Rick stiffened, dread uncoiling in his stomach. How did Vera know about Kate?
“He can’t keep secrets from me, Rick,” she said softly, tucking her hands into her back pockets and shivering. The wind had picked up and the jacket she wore afforded little protection against the air sweeping across the hilled pasture.
“Don’t get involved in this, Vera.”
She shrugged. “I know my husband. Knew what kind of man he was before I married him. A secret love child comes as no surprise to me.”
Love child? Rick didn’t think the term could be applied to Kate. Not the way Justus had talked about her mother. Rick didn’t sense any tenderness where Susie Newman was concerned. She’d been just another woman who’d thought she could catch the mighty Justus Mitchell and failed.

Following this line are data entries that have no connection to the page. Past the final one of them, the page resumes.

(* For all positive integers $m\le k$ there exists a Boolean function $g:\{0,1\}^n\to\{0,1\}$ (for some $n$) with $s_0(g)=m$, $bs_0(g)=k$ and \[ C_1(g)=\left\lfloor \frac{3\lceil k/m\rceil}{2}\right\rfloor+1. \]
   Context: For $x\in\{0,1\}^n$ and $S\subseteq[n]$, $x^S$ denotes $x$ with all bits in $S$ flipped. $s(g,x)$ is the number of $i$ with $g(x)\neq g(x^{\{i\}})$ and $s_0(g)=\max\{s(g,x): g(x)=0\}$. $bs(g,x)$ is the maximum number of pairwise disjoint sets $B_1,\dots,B_b\subseteq[n]$ with $g(x^{B_j})\neq g(x)$ for all $j$, and $bs_0(g)=\max\{bs(g,x): g(x)=0\}$. A 1-certificate is a partial assignment $c:S\to\{0,1\}$ such that $g$ equals 1 on every input agreeing with $c$ on $S$; $C(g,x)$ is the minimum $|S|$ over certificates (partial assignments on which $g$ is constant) agreeing with $x$, and $C_1(g)=\max\{C(g,x): g(x)=1\}$. *)

From mathcomp Require Import all_boot.
Set Implicit Arguments. Unset Strict Implicit. Unset Printing Implicit Defensive.

Definition input (n : nat) := {ffun 'I_n -> bool}.

Definition flip n (x : input n) (S : {set 'I_n}) : input n :=
  [ffun i => if i \in S then ~~ x i else x i].

Definition sens n (g : input n -> bool) (x : input n) : nat :=
  #|[set i : 'I_n | g x != g (flip x [set i])]|.

(* s_0(g) = max over 0-inputs (0 if there are none) *)
Definition s0 n (g : input n -> bool) : nat :=
  \max_(x : input n | ~~ g x) sens g x.

Definition sens_blocks n (g : input n -> bool) (x : input n)
    (P : {set {set 'I_n}}) : bool :=
  [&& trivIset P, set0 \notin P & [forall B in P, g (flip x B) != g x]].

Definition bsens n (g : input n -> bool) (x : input n) : nat :=
  \max_(P : {set {set 'I_n}} | sens_blocks g x P) #|P|.

Definition bs0 n (g : input n -> bool) : nat :=
  \max_(x : input n | ~~ g x) bsens g x.

Definition is_cert n (g : input n -> bool) (x : input n) (S : {set 'I_n}) : bool :=
  [forall y : input n, [forall i in S, y i == x i] ==> (g y == g x)].

(* C(g,x) : minimal size of a certificate agreeing with x
   (S = whole set is always one, so the bound n is attained or beaten) *)
Definition cert n (g : input n -> bool) (x : input n) : nat :=
  \big[minn/n]_(S : {set 'I_n} | is_cert g x S) #|S|.
Lemma predictor_step_central (v s : 'cV[R]_(n + n)) dz dv ds :
  central_nbhd (1 / 4) (v^~ 0) (s^~ 0) ->
  newton_sol lam H v s 0 (mu_of v s) dz dv ds ->
  let al := alpha_of (mu_of v s) (norm2 (hadam dv ds - mu_of dv ds *: ones R (n + n))) in
  [/\ 0 < al <= 1 / 2, 7 / 20 <= al ^+ 2 * (n + n)%:R,
      central_nbhd (1 / 2) ((v + al *: dv)^~ 0) ((s + al *: ds)^~ 0) &
      mu_of (v + al *: dv) (s + al *: ds) <= (1 - al / 2) ^+ 2 * mu_of v s].
Proof.
move=> nb N; set T := norm2 _ => al; have [vs_gt0 vs_dev] := nb.
have m0 : (0 < n + n)%N by rewrite addn_gt0 n_gt0.
have mu0 := mu_of_gt0 n_gt0 nb.
have newt i : s i 0 * dv i 0 + v i 0 * ds i 0 = 0 - v i 0 * s i 0.
  by rewrite (newton_sol_row N) mul0r.
have dot0 := newton_sol_dot_ge0 lam_ge0 H_psd N.
have T0 : 0 <= T by apply: sqrtr_ge0.
have T2 : T ^+ 2 = \sum_i (dv i 0 * ds i 0 - mean (fun j => dv j 0 * ds j 0)) ^+ 2.
  by rewrite norm2_sqr; apply: eq_bigr => i _; rewrite -mu_ofE !mxE mulr1.
have [al0 al_half alT] := alpha_of_bounds mu0 T0; rewrite -/al in al0 al_half alT.
rewrite mu_ofE in alT.
split; first by rewrite al0.
- apply: alpha_of_ge mu0 T0 _ _; first by rewrite (ler_nat R 2) (leq_add n_gt0 n_gt0).
  rewrite T2 -exprMn mu_ofE; apply: le_trans (sum_sqr_centered_le _ m0) _.
  exact: predictor_sum_sqr_le m0 vs_gt0 newt dot0.
- have devT : \sum_i (dv i 0 * ds i 0 - mean (fun j => dv j 0 * ds j 0)) ^+ 2
      <= T ^+ 2 by rewrite T2.
  have := predictor_nbhd m0 vs_gt0 newt dot0 vs_dev T0 devT (ltW al0) al_half alT.
  by rewrite !col_addZ.
- by rewrite mu_of_addZ mu_ofE; apply: predictor_mean_le.
Qed.

Lemma corrector_step_central (v s : 'cV[R]_(n + n)) dz dv ds :
  central_nbhd (1 / 2) (v^~ 0) (s^~ 0) ->
  newton_sol lam H v s 1 (mu_of v s) dz dv ds ->
  central_nbhd (1 / 4) ((v + dv)^~ 0) ((s + ds)^~ 0) /\
  mu_of (v + dv) (s + ds) <= (1 + 1 / (8 * (n + n)%:R)) * mu_of v s.
Proof.
move=> nb N; have m0 : (0 < n + n)%N by rewrite addn_gt0 n_gt0.
have newt i := newton_sol_row N i; rewrite mu_ofE in newt.
have dot0 := newton_sol_dot_ge0 lam_ge0 H_psd N.
rewrite !col_add mu_of_add mu_ofE; split.
- exact: corrector_nbhd m0 nb newt dot0.
- exact: corrector_mean_le m0 nb newt dot0.
Qed.

Lemma pc_step_central z (v s : 'cV[R]_(n + n)) z' v' s' :
  central_nbhd (1 / 4) (v^~ 0) (s^~ 0) -> pc_step lam H z v s z' v' s' ->
  central_nbhd (1 / 4) (v'^~ 0) (s'^~ 0) /\
  mu_of v' s' <= (1 - 2348 / 10000 / Num.sqrt (2 * n)%:R) ^+ 2 * mu_of v s.
Proof.
move=> nb [dzp [dvp [dsp [dzc [dvc [dsc [Np [Nc [_ -> ->]]]]]]]]].
have [/andP[al0 al_half] alM nb_h muh] := predictor_step_central nb Np.
have [nb' mu'] := corrector_step_central nb_h Nc.
split=> //; apply: le_trans mu' _.
apply: le_trans (ler_wpM2l _ muh) _.
  by rewrite addr_ge0 // divr_ge0 // mulr_ge0 // ler0n.
rewrite mulrA ler_wpM2r ?(ltW (mu_of_gt0 n_gt0 nb)) // mul2n -addnn.
by apply: pc_factor_le; rewrite // (ler_nat R 2) (leq_add n_gt0 n_gt0).
Qed.

End Steps.

End ColumnVectors.

Section StartingPoint.
Variables (R : realType) (n : nat).

Lemma init_central (a : 'cV[R]_n) : (0 < n)%N -> dotv a a = 1 / 32 ->
  let v0 := col_mx (ones R n - a) (ones R n + a) in
  let s0 := col_mx (ones R n) (ones R n) in
  central_nbhd (1 / 4) (v0^~ 0) (s0^~ 0) /\ mu_of v0 s0 = 1.
Proof.
move=> n0 aa v0 s0.
have s0E i : s0 i 0 = 1.
  by rewrite /s0; case: (split_ordP i) => j ->; rewrite ?col_mxEu ?col_mxEd mxE.
have wl j : v0 (lshift n j) 0 * s0 (lshift n j) 0 = 1 - a j 0.
  by rewrite s0E /v0 col_mxEu !mxE mulr1.
have wr j : v0 (rshift n j) 0 * s0 (rshift n j) 0 = 1 + a j 0.
  by rewrite s0E /v0 col_mxEd !mxE mulr1.
have mu1 : mean (fun i => v0 i 0 * s0 i 0) = 1.
  rewrite /mean big_split_ord /=; under eq_bigr do rewrite wl.
  under [X in _ + X]eq_bigr do rewrite wr.
  rewrite -big_split /= (eq_bigr (fun=> 2)) => [|i _]; last by ring.
  rewrite sumr_const card_ord natrD -mulr_natl; field.
  by rewrite -natrD pnatr_eq0 -lt0n addn_gt0 n0.
have dev : \sum_i (v0 i 0 * s0 i 0 - 1) ^+ 2 = 1 / 16.
  rewrite big_split_ord /=; under eq_bigr do rewrite wl.
  under [X in _ + X]eq_bigr do rewrite wr.
  rewrite -big_split /= (eq_bigr (fun i => 2 * (a i 0 * a i 0))) => [|i _]; last by ring.
  by rewrite -mulr_sumr -/(dotv a a) aa; lra.
rewrite mu_ofE mu1; split=> //; split; last by rewrite mu1 dev; lra.
move=> i; split; last by rewrite s0E ltr01.
have := sqr_dev_le_sum (fun j => v0 j 0 * s0 j 0) 1 i.
by rewrite dev s0E mulr1 => dev_i; nra.
Qed.

Lemma dotv_init_scale (h : 'cV[R]_n) : h != 0 ->
  let lam := 1 / (4 * Num.sqrt 2 * norm2 h) in dotv (lam *: h) (lam *: h) = 1 / 32.
Proof.
move=> h0 lam; have nh0 : norm2 h != 0.
  apply: contraNneq h0 => nh; apply/eqP/matrixP => i j; rewrite ord1 mxE.
  by apply: (@sum_sqr_le0 _ _ (h^~ 0)); rewrite -norm2_sqr nh expr0n.
have -> : dotv (lam *: h) (lam *: h) = lam ^+ 2 * norm2 h ^+ 2.
  by rewrite norm2_sqr mulr_sumr; apply: eq_bigr => i _; rewrite !mxE; ring.
by rewrite /lam expr_div_n !exprMn sqr_sqrtr //; field.
Qed.

End StartingPoint.

Lemma contraction_factor_bounds (R : realType) (N : R) : 2 <= N ->
  0 < 1 - 2348 / 10000 / Num.sqrt N < 1.
Proof.
move=> N2; have q0 := sqrtr_ge0 N.
have q2 : Num.sqrt N ^+ 2 = N by rewrite sqr_sqrtr //; lra.
set q := Num.sqrt N in q0 q2 *.
have q_ge : 7 / 5 <= q by nra.
have q_gt0 : 0 < q by lra.
have a0 : 0 < 2348 / 10000 / q by apply: divr_gt0; lra.
have a1 : 2348 / 10000 / q < 1 by rewrite ltr_pdivrMr // mul1r; lra.
set a := 2348 / 10000 / q in a0 a1 *.
by rewrite subr_gt0 a1 ltrBlDr ltrDl a0.
Qed.

Lemma iteration_bound (R : realType) (N eps c mu : R) (k : nat) :
  0 < eps -> 0 < N -> 0 < c < 1 ->
  (Num.ceil (ln (N / eps) / (- 2 * ln c)) <= k%:Z)%R -> mu <= (c ^+ 2) ^+ k ->
  N * mu <= eps.
Proof.
move=> eps0 N0 /andP[c0 c1] hk muk.
have lnc : ln c < 0 by apply: ln_lt0; rewrite c0 c1.
have Neps : 0 < N / eps by apply: divr_gt0.
have ck : 0 < (c ^+ 2) ^+ k by rewrite !exprn_gt0.
have k_ge : ln (N / eps) <= k%:R * (- 2 * ln c).
  rewrite -ler_pdivrMr; last lra.
  apply: le_trans (ceil_ge _) _.
  by rewrite -(ler_int R) in hk.
have ln_ck : ln ((c ^+ 2) ^+ k) = - (k%:R * (- 2 * ln c)).
  by rewrite lnXn ?exprn_gt0 // lnXn // -mulrnA -[ln c *+ _]mulr_natl natrM; ring.
have ck_le : (c ^+ 2) ^+ k <= eps / N.
  rewrite -ler_ln ?posrE ?divr_gt0 // ln_ck -invf_div lnV ?posrE //.
  by rewrite lerN2.
apply: le_trans (ler_wpM2l (ltW N0) (le_trans muk ck_le)) _.
by rewrite mulrC mulfVK // gt_eqF.
Qed.

Theorem theorem1 (R : realType) (n : nat) (H : 'M[R]_n) (h : 'cV[R]_n)
  (eps : R)
  (z : nat -> 'cV[R]_n) (v s : nat -> 'cV[R]_(n + n)) :
  (0 < n)%N ->
  H^T = H ->
  (forall x : 'cV[R]_n, 0 <= (x^T *m H *m x) 0 0) ->
  h != 0 ->
  0 < eps ->
  let lam := 1 / (4 * Num.sqrt 2 * norm2 h) in
  z 0%N = 0 ->
  v 0%N = col_mx (ones R n - lam *: h) (ones R n + lam *: h) ->
  s 0%N = col_mx (ones R n) (ones R n) ->
  (forall k, pc_step lam H (z k) (v k) (s k) (z k.+1) (v k.+1) (s k.+1)) ->
  let c := 1 - ((2348 : R) / 10000) / Num.sqrt (2 * n)%:R in
  (forall k, mu_of (v k.+1) (s k.+1) <= c ^+ 2 * mu_of (v k) (s k)) /\
  (forall k : nat,
     (Num.ceil (ln ((2 * n)%:R / eps) / (- 2 * ln c)) <= k%:Z)%R ->
     dotv (v k) (s k) <= eps).
Proof.
move=> n0 _ psd h0 eps0 lam _ v0E s0E step c.
have lam0 : 0 <= lam by rewrite divr_ge0 ?mulr_ge0 ?sqrtr_ge0.
have [nbhd0 mu0] := init_central n0 (dotv_init_scale h0).
rewrite -v0E -s0E in nbhd0 mu0.
have nbhd k : central_nbhd (1 / 4) ((v k)^~ 0) ((s k)^~ 0).
  by elim: k => // k IH; case: (pc_step_central n0 lam0 psd IH (step k)).
have contract k := (pc_step_central n0 lam0 psd (nbhd k) (step k)).2.
split=> // k k_ge.
have mu_k : mu_of (v k) (s k) <= (c ^+ 2) ^+ k.
  elim: k {k_ge} => [|k IH]; first by rewrite mu0 expr0.
  apply: le_trans (contract k) _; rewrite [leRHS]exprS -/c.
  by apply: ler_wpM2l; first exact: sqr_ge0.
have N0 : 0 < (2 * n)%:R :> R by rewrite ltr0n muln_gt0.
have N2 : 2 <= (2 * n)%:R :> R by rewrite (ler_nat R 2) leq_pmulr.
rewrite -[dotv _ _](mulfVK (lt0r_neq0 N0)) mulrC.
exact: iteration_bound eps0 N0 (contraction_factor_bounds N2) k_ge mu_k.
Qed.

Rick studied the woman who hadn’t. Her face bore the tale of losing her only child and surviving her husband’s declining health, yet, she was lovely. Touched by time and misfortune, Vera still held traces of that Alabama Southern belle she’d been. She was a woman who could serve up coffee and pound cake with the hands she’d just used to transplant a hydrangea or nurse a sick child. She’d been Rick’s only friend for a while…aside from the gangly boy who’d dogged his heels when he’d first come to live at Cottonwood.
“You’ve talked to him about this girl?” he asked as he walked toward the rear of the house.
She followed, tossing her gardening gloves onto a bench outside the mudroom. “Not exactly, no. But I always know what’s going on, Rick.”
“So you’re just pretending not to?”
Vera smiled. “Of course. Justus will tell me when he’s ready. He thinks I’m weak. That I have to be protected.”
For good reason. Vera had been hovering on the edge of severe depression since Ryan’s passing. Few things brought her joy.
They entered the kitchen where Rick’s grandmother Rosa ruled. Rosa had been with Justus for over forty years. She ran Cottonwood, and she was the reason for every good thing in Rick’s life.